Sur un haut chêne au pied d’une montagne,
S’étaient dès le matin, assemblés mille oiseaux,
Qui voltigeant de rameaux en rameaux
De leurs brillants concerts égayaient la campagne
Ainsi, sans soins, sans embarras,
Chantant leur joye ou leur tendre martyre,
Ils attendaient l’heure de leur repas,
Ou leur appétit, pour mieux dire.
Ils le sentaient venir, lorsque tout à propos
Un sansonnet vint leur apprendre
Qu’à mille pas de l’arbre ils n’avoient qu’à se rendre.
Le grain, leur disait-il, s’y versait à grands flots.
Venez… ne soyez pas si sots,
Leur dit une alouette ; on songe à vous surprendre.
Grain, vous dit-on, d’accord ; mais aussi vrais panneaux
Que l’oiseleur vient de vous tendre :
Et que je sois le dernier des oiseaux
Si… la pauvre alouette est une autre Cassandre,
Qu’on ne croit point, qu’on ne veut point entendre ;
Et nos troyens allaient entraînés par la faim,
Suivent le sansonnet au grain.
Vous le voyez ; dit-il.
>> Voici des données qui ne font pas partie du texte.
Lemma zclosed_submx (A : 'M[k]_n) : zclosed (fun x : V => (x <= A)%MS).
Proof.
exists (fun p => exists j, p = lincomb (col j (cokermx A)) (fun i => 'X_i)) => x.
rewrite -{1}(evalmapX x) evalmap_submx.
by split => [comb_eq0 _ [j ->] //|comb_eq0 j]; apply: comb_eq0; exists j.
Qed.

Definition evalmx m (Phi : 'I_m -> 'I_n -> P) (x : V) : 'M[k]_(m, n) :=
  \matrix_(i, j) peval (Phi i j) x.

Lemma row_evalmx m (Phi : 'I_m -> 'I_n -> P) i x :
  row i (evalmx Phi x) = evalmap (Phi i) x.
Proof. by apply/rowP => j; rewrite !mxE. Qed.

Lemma det_evalmx_mul_poly m (Phi : 'I_m -> 'I_n -> P) (B : 'M[k]_(n, m)) :
  exists d : P, forall x, peval d x = \det (evalmx Phi x *m B).
Proof.
exists (\det (\matrix_(i, j) \sum_l Phi i l * (B l j)%:MP)) => x.
rewrite /peval -det_map_mx; congr (\det _); apply/matrixP => i j.
rewrite !mxE rmorph_sum; apply: eq_bigr => l _.
by rewrite rmorphM /= mevalC !mxE.
Qed.

Lemma submx_of_unit_mulmx r p (M : 'M[k]_(r, n)) (A : 'M[k]_(p, n))
    (B : 'M[k]_(n, r)) :
  (M <= A)%MS -> (\rank A <= r)%N -> M *m B \in unitmx -> (A <= M)%MS.
Proof.
move=> MA rkA MB_unit; rewrite -(mxrank_leqif_sup MA) eqn_leq mxrankS //=.
by rewrite (leq_trans rkA) // -{1}(mxrank_unit MB_unit) mxrankM_maxl.
Qed.
(* Let $F:\{0,1\}^n\to\mathbb{F}^E_m\cap[0,1]$ be a finite-precision CDF over a binary number format $\mathcal{B}=(n,\gamma_{\mathcal{B}},\phi_{\mathcal{B}})$. Then the procedure $\textsc{Opt}(F)$ described in the context halts almost surely, returns a string $X\in\{0,1\}^n$ with $\Pr(X\le_{\mathcal{B}}x)=F(x)$ for every $x\in\{0,1\}^n$, and is entropy-optimal: its expected number of fair random bits drawn equals the minimum expected entropy cost over all random variate generators with the same output distribution.
   Context: $\overline{\mathbb{R}}=\mathbb{R}\cup\{-\infty,+\infty,\bot\}$ is totally ordered by $-\infty<$ reals $<+\infty<\bot$. A binary number format $\mathcal{B}=(n,\gamma_{\mathcal{B}},\phi_{\mathcal{B}})$ consists of $n\ge1$, $\gamma_{\mathcal{B}}:\{0,1\}^n\to\overline{\mathbb{R}}$, and a bijection $\phi_{\mathcal{B}}$ of $\{0,1\}^n$ with $b<_{\mathrm{dict}}b'\Rightarrow\gamma_{\mathcal{B}}(\phi_{\mathcal{B}}(b))\le\gamma_{\mathcal{B}}(\phi_{\mathcal{B}}(b'))$; it induces the order $b<_{\mathcal{B}}b'$ iff $\phi_{\mathcal{B}}^{-1}(b)<_{\mathrm{dict}}\phi_{\mathcal{B}}^{-1}(b')$. $\mathbb{F}^E_m\cap[0,1]$ is the set of reals in $[0,1]$ representable as floating-point numbers with $E$ exponent and $m$ mantissa bits. A finite-precision CDF over $\mathcal{B}$ is $F:\{0,1\}^n\to\mathbb{F}^E_m\cap[0,1]$ with $F(\phi_{\mathcal{B}}(1^n))=1$ and $b<_{\mathcal{B}}b'\Rightarrow F(b)\le F(b')$. For $z\in[0,1]$ with concise binary expansion $(z_0.z_1z_2\ldots)_2$ (not ending in infinitely many 1s) write $[z]_j=z_j$. $\textsc{Opt}(F,b,\ell,f_0,f_1)$, called initially as $\textsc{Opt}(F,\varepsilon,0,0,1)$: if $|b|=n$ return $\phi_{\mathcal{B}}(b)$. Let $f_2=F(\phi_{\mathcal{B}}(b\,0\,1^{n-|b|-1}))$. If $f_2=f_1$ return $\textsc{Opt}(F,b0,\ell,f_0,f_2)$; if $f_2=f_0$ return $\textsc{Opt}(F,b1,\ell,f_2,f_1)$. Let $a_0(j)=[f_2-f_0]_j$ and $a_1(j)=[f_1-f_2]_j$ (exact real differences). If $\ell>0$: if $a_0(\ell)=1$ and $a_1(\ell)=0$ return $\textsc{Opt}(F,b0,\ell,f_0,f_2)$; if $a_0(\ell)=0$ and $a_1(\ell)=1$ return $\textsc{Opt}(F,b1,\ell,f_2,f_1)$. Then repeat: draw a fair random bit $x$, set $\ell\leftarrow\ell+1$; if $x=0$ and $a_0(\ell)=1$ return $\textsc{Opt}(F,b0,\ell,f_0,f_2)$; if $x=1$ and $a_1(\ell)=1$ return $\textsc{Opt}(F,b1,\ell,f_2,f_1)$. A random variate generator for a distribution $q$ on $\{0,1\}^n$ is a partial map $Y:\{0,1\}^*\rightharpoonup\{0,1\}^n$ with prefix-free domain, $\sum_{u\in\mathrm{dom}(Y)}2^{-|u|}=1$ and $\sum_{u}2^{-|u|}\mathbf{1}[Y(u)=s]=q(s)$; its expected entropy cost is $\sum_{u\in\mathrm{dom}(Y)}|u|2^{-|u|}$. *)

From HB Require Import structures.
From mathcomp Require Import all_boot all_order all_algebra all_fingroup.
From mathcomp Require Import all_classical all_reals all_analysis.
Set Implicit Arguments. Unset Strict Implicit. Unset Printing Implicit Defensive.
Import Order.TTheory GRing.Theory Num.Theory.
Local Open Scope ring_scope.

Inductive xreal (R : Type) := XNegInf | XReal of R | XPosInf | XBot.
Arguments XNegInf {R}. Arguments XPosInf {R}. Arguments XBot {R}.

Definition xrank (R : Type) (x : xreal R) : nat :=
  match x with XNegInf => 0 | XReal _ => 1 | XPosInf => 2 | XBot => 3 end%N.

Definition xle (R : realType) (x y : xreal R) : bool :=
  match x, y with
  | XReal a, XReal b => a <= b
  | _, _ => (xrank x <= xrank y)%N
  end.

Fixpoint dict_lt (s t : seq bool) : bool :=
  match s, t with
  | x :: s', y :: t' => (~~ x && y) || ((x == y) && dict_lt s' t')
  | _, _ => false
  end.

Definition is_number_format (R : realType) (n : nat)
    (gamma : n.-tuple bool -> xreal R) (phi : {perm n.-tuple bool}) : Prop :=
  (1 <= n)%N /\
  forall b b' : n.-tuple bool, dict_lt b b' -> xle (gamma (phi b)) (gamma (phi b')).

Definition fmt_lt (n : nat) (phi : {perm n.-tuple bool}) (b b' : n.-tuple bool) : bool :=
  dict_lt ((phi^-1)%g b) ((phi^-1)%g b').
Definition fmt_le (n : nat) (phi : {perm n.-tuple bool}) (b b' : n.-tuple bool) : bool :=
  (b == b') || fmt_lt phi b b'.

(* ---------- floating point numbers with E exponent bits and m mantissa bits
   (IEEE-754 style: bias 2^(E-1)-1, normal exponent fields 1..2^E-2,
   subnormals with exponent 1-bias; signed). *)
Definition fp_bias (E : nat) : int := (2 ^ E.-1)%:Z - 1.
Definition fp_emin (E : nat) : int := 1 - fp_bias E.
Definition fp_emax (E : nat) : int := (2 ^ E)%:Z - 2 - fp_bias E.

Definition float_repr (R : realType) (E m : nat) (x : R) : Prop :=
  exists (sgn : bool) (f : nat), (f < 2 ^ m)%N /\
   (
     x = (-1) ^+ sgn * (f%:R / 2 ^+ m) * (2 : R) ^ fp_emin E
   \/
     exists e : int, fp_emin E <= e /\ e <= fp_emax E /\
       x = (-1) ^+ sgn * (1 + f%:R / 2 ^+ m) * (2 : R) ^ e ).

Definition is_fp_cdf (R : realType) (E m n : nat) (phi : {perm n.-tuple bool})
    (F : n.-tuple bool -> R) : Prop :=
  (forall b, float_repr E m (F b) /\ 0 <= F b <= 1) /\
  F (phi [tuple of nseq n true]) = 1 /\
  (forall b b', fmt_lt phi b b' -> F b <= F b').

Definition bdigit (R : realType) (z : R) (j : nat) : bool :=
  ~~ (2%:Z %| Num.floor (z * 2 ^+ j))%Z.

(* Returns Some (x, rest) if it halts with output x having read the bits
   not in rest; None if it needs more bits than supplied.
   k = n - |b| is the remaining depth. *)
Section Opt.
Variables (R : realType) (n : nat) (phi : {perm n.-tuple bool})
          (F : n.-tuple bool -> R).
Le premier il y vole.
On l’a suivi sur sa parole ?
Sur son exemple on se met à manger :
Mais le panneau se ferme ; et voilà dans la geôle
Nos pauvres indiscrets. Quelques-uns d’enrager ;
Les autres encor de gruger.
En enrageant ; cela console.
Je vous ai prédit le danger ;
Vous trompais-je ? Dit l’alouette,
Qui seule avait la clef des champs.
Non, répondit quelqu’une de dedans ;
C’est qu’on croit trop ce qu’on souhaite ;
Et l’on connaît son tort quand il n’en est plus temps.